縦には矢で揺らせない。同じような高さから射るのだから、必ず横方向に動く。なら右は確実に跳んだか着地をした場所だ。
二択に変わりはなかった。
対象を右と正面に絞り、向かってくる矢は最小限の動きで躱し、そしてクレイズを補足する。
この右脚では何度も跳ぶことは出来ない。確実に跳べるのは一回だ。
こちらからは攻めず、クレイズが動くのを待った。
躱し、走れるように姿勢を低くしていく。
その時だ。
左から弦を弾く、幽かな音。
低い位置から、左脚を矢が襲った。
「なっ!? くそっ! なんでっ!」
またもや太股に矢が刺さった。
最悪だ。両脚を封じられてしまった。
刺さった痛みで、左脚は膝を着いていた。
左で横に揺れる木と、正面で大きく横に揺れる木の間。その木陰から、クレイズは歩いて現れた。
俺が動けないと分かり、嬉しそうにほくそ笑み悠然と立っている。
「ごくろうさん。まんまと罠にはまったなぁ」
罠。確かにクレイズの言うとおりだ。俺はまんまと嵌まってしまった。
「さすがにあんたでも、両足をやられちゃあ動けねぇだろ? ああ、黙ったままでいいぜ。その姿勢が何よりの証拠だもんなぁ。ところで、なんであんたがそうなったか知りたいよなぁ、知りたいだろぉ?」
クレイズが現れてから、俺は一言も喋ってはいない。なのにクレイズは話をどんどん進めていった。
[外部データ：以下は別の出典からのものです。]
(* Let $A,B\in\mathbb{R}^{m_1\times m_2}$ and $a>0$. Then $$\mathrm{TL1}_a\big(A+P_A^\perp(B)\big)=\mathrm{TL1}_a(A)+\mathrm{TL1}_a\big(P_A^\perp(B)\big).$$
   Context: For $a>0$ and a matrix $X\in\mathbb{R}^{m_1\times m_2}$ with singular values $\sigma_1(X)\ge\dots\ge\sigma_m(X)$, $m=\min\{m_1,m_2\}$, define $\mathrm{TL1}_a(X)=\sum_{j=1}^m\frac{(a+1)\sigma_j(X)}{a+\sigma_j(X)}$. For $A$ with SVD $A=U_AD_AV_A^\top$ (compact, over the nonzero singular values), let $S_U(A)$, $S_V(A)$ be the linear subspaces spanned by the columns of $U_A$, $V_A$, and $S_U^\perp(A)$, $S_V^\perp(A)$ their orthogonal complements. With $\mathbf{P}_S$ the orthogonal projection onto a subspace $S$, define $P_A^\perp(B)=\mathbf{P}_{S_U^\perp(A)}\,B\,\mathbf{P}_{S_V^\perp(A)}$. *)

From HB Require Import structures.
From mathcomp Require Import all_boot all_order all_algebra.
From mathcomp Require Import boolp classical_sets reals.
Set Implicit Arguments. Unset Strict Implicit. Unset Printing Implicit Defensive.
Import Order.TTheory GRing.Theory Num.Theory.
Local Open Scope ring_scope.
Local Open Scope classical_set_scope.

Section Defs.
Variable R : realType.

Definition orthogonalmx n (U : 'M[R]_n) : Prop := U *m U^T = 1%:M.

Definition rdiag m1 m2 (s : seq R) : 'M[R]_(m1, m2) :=
  \matrix_(i < m1, j < m2) (if (i : nat) == j then s`_i else 0).

Definition is_svals m1 m2 (X : 'M[R]_(m1, m2)) (s : seq R) : Prop :=
  [/\ size s = minn m1 m2, sorted (fun x y => y <= x) s, all (fun x => 0 <= x) s
    & exists (U : 'M[R]_m1) (V : 'M[R]_m2),
        [/\ orthogonalmx U, orthogonalmx V & X = U *m rdiag m1 m2 s *m V^T]].

Definition svals m1 m2 (X : 'M[R]_(m1, m2)) : seq R :=
  xget [::] [set s | is_svals X s].

Definition sigma m1 m2 (X : 'M[R]_(m1, m2)) (j : nat) : R := (svals X)`_j.

Definition TL1 (a : R) m1 m2 (X : 'M[R]_(m1, m2)) : R :=
  \sum_(j < minn m1 m2) ((a + 1) * sigma X j / (a + sigma X j)).

(* orthogonal projection (acting on column vectors x |-> P x) onto the
   subspace S of R^n spanned by the rows of W (a symmetric idempotent
   matrix with range S). *)
Definition orthoproj k n (W : 'M[R]_(k, n)) : 'M[R]_n :=
  xget 0 [set P : 'M[R]_n | [/\ P^T = P, P *m P = P & (P == W)%MS]].

(* S_U^perp(A): orthogonal complement of the column space of A
   = span of the columns of U_A; as row space: rows u with u *m A = 0. *)
Definition SUperp m1 m2 (A : 'M[R]_(m1, m2)) : 'M[R]_m1 := kermx A.
(* S_V^perp(A): orthogonal complement of the row space of A
   = span of the columns of V_A. *)
Definition SVperp m1 m2 (A : 'M[R]_(m1, m2)) : 'M[R]_m2 := kermx A^T.

Definition Pperp m1 m2 (A B : 'M[R]_(m1, m2)) : 'M[R]_(m1, m2) :=
  orthoproj (SUperp A) *m B *m orthoproj (SVperp A).

End Defs.

From mathcomp Require Import all_boot all_order all_algebra.
From mathcomp Require Import boolp classical_sets reals.
From mathcomp Require Import topology normedtype derive.
From mathcomp Require Import ring lra.
Import Order.TTheory GRing.Theory Num.Theory.
Local Open Scope ring_scope.
Set Implicit Arguments. Unset Strict Implicit. Unset Printing Implicit Defensive.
「あの三つの枝の揺れはよぉ。オレ自身と、この矢を使って起こしたわけよぉ。ここまではあんたも分かってただろぉ? でもよ、あんたは勘違いしてる。横揺れは矢だけで作ったんじゃねぇんだ、オレ自身でも出来るんだ。オレら翼人族はなぁ、もともと樹上で生活してたんだ。木の揺らしかたなんざ、自由に操れるに決まってるだろ? 分かるか? これが無人と翼人の差なんだ」
……なるほどな。三択に思考を囚われた時点で俺は失敗していた訳か。
「最後のは?」
俺の問いに、嬉しそうにクレイズは微笑む。
「ああ、あれな。左から正面に跳んで、正面から地面に跳んだ。後は地面から上に向けて矢を放って、右の枝に上手く当てりゃいいだけだ。簡単だろ?」
簡単、ではない。放物線を描いて矢を当てるとは。俺はクレイズの腕前を嘗めていた。それだけではない。俺は最初から油断していたんだ。二対一を許可し、武器を許可し。結果はこの様だ。
まったく、情けない。
だが、諦めはしない。このまま今度は、クレイズを油断させればいい。
俺とクレイズの距離は五メートル。三メートルなら届く。
「お前の言う通りだよクレイズ。俺は騙され、身動きすらままならない。けどな、負けは認めねぇぞ? ほら、男らしく堂々と掛かってこいよ」
俺の挑発にクレイズは、顔を歪ませ怒りを見せるも、乗ってはこなかった。
「オヤジからさんざん言われててよぉ。獲物は殺すまで油断するなってな」
クレイズは背中に手をまわし、矢を取り出した。
そうだ。これも油断の一つだ。ここはクレイズの親、バリエノが指定した場所だ。
可怪しいとは思っていた。
矢と弓をどこから調達していたのか疑問だった。
簡単だ。最初から用意していたんだ。この森のこの場所で、俺を――殺すために。
クレイズが矢をつがえ、引き絞る。
「そこまでだ!」
遠くからアーツの声がした。
アーツめ、止めるなと言ったのに。
「イヤだね」
クレイズは無視し、俺の眉間を目掛け、矢を放った。
飛来する矢。けれど怖くない。
放つタイミングも狙いも、全てはクレイズの手が教えてくれる。
なら出来る。
「てめえ!」
クレイズが吠えた。
彼の自慢の矢が、掴み取られたのだ。機嫌も悪くなるだろう。
まぁでも。それだけのことだ。勝ちに繋がるわけじゃない。
「むかつく野郎だ。じゃあ、これならどうだ?」
やばい。
クレイズは、矢を三本まとめて弓につがえた。
人差し指と中指。中指と薬指。薬指と小指の間に。器用に挟んだまま弓につがえ、引き絞っている。
遠くで、ルナとアーツの叫ぶような声がした。
音は遮られ、視界から色が失せていく。
ゾーン。
矢は、放たれた。
眉間と喉と胸を狙った三本が、ゆっくりと近づいてくる。
同じように、俺の腕も動きが鈍い。
迫りくる矢のうち二本は掴んだ。眉間と胸の矢を、左右の片手ずつで。
残るは一本。
喉を目指す矢は口で止めた。
大きく開き、全力で噛み締め。しくじった。
今日一番の油断。
俺は歯を、打ち鳴らしてしまった。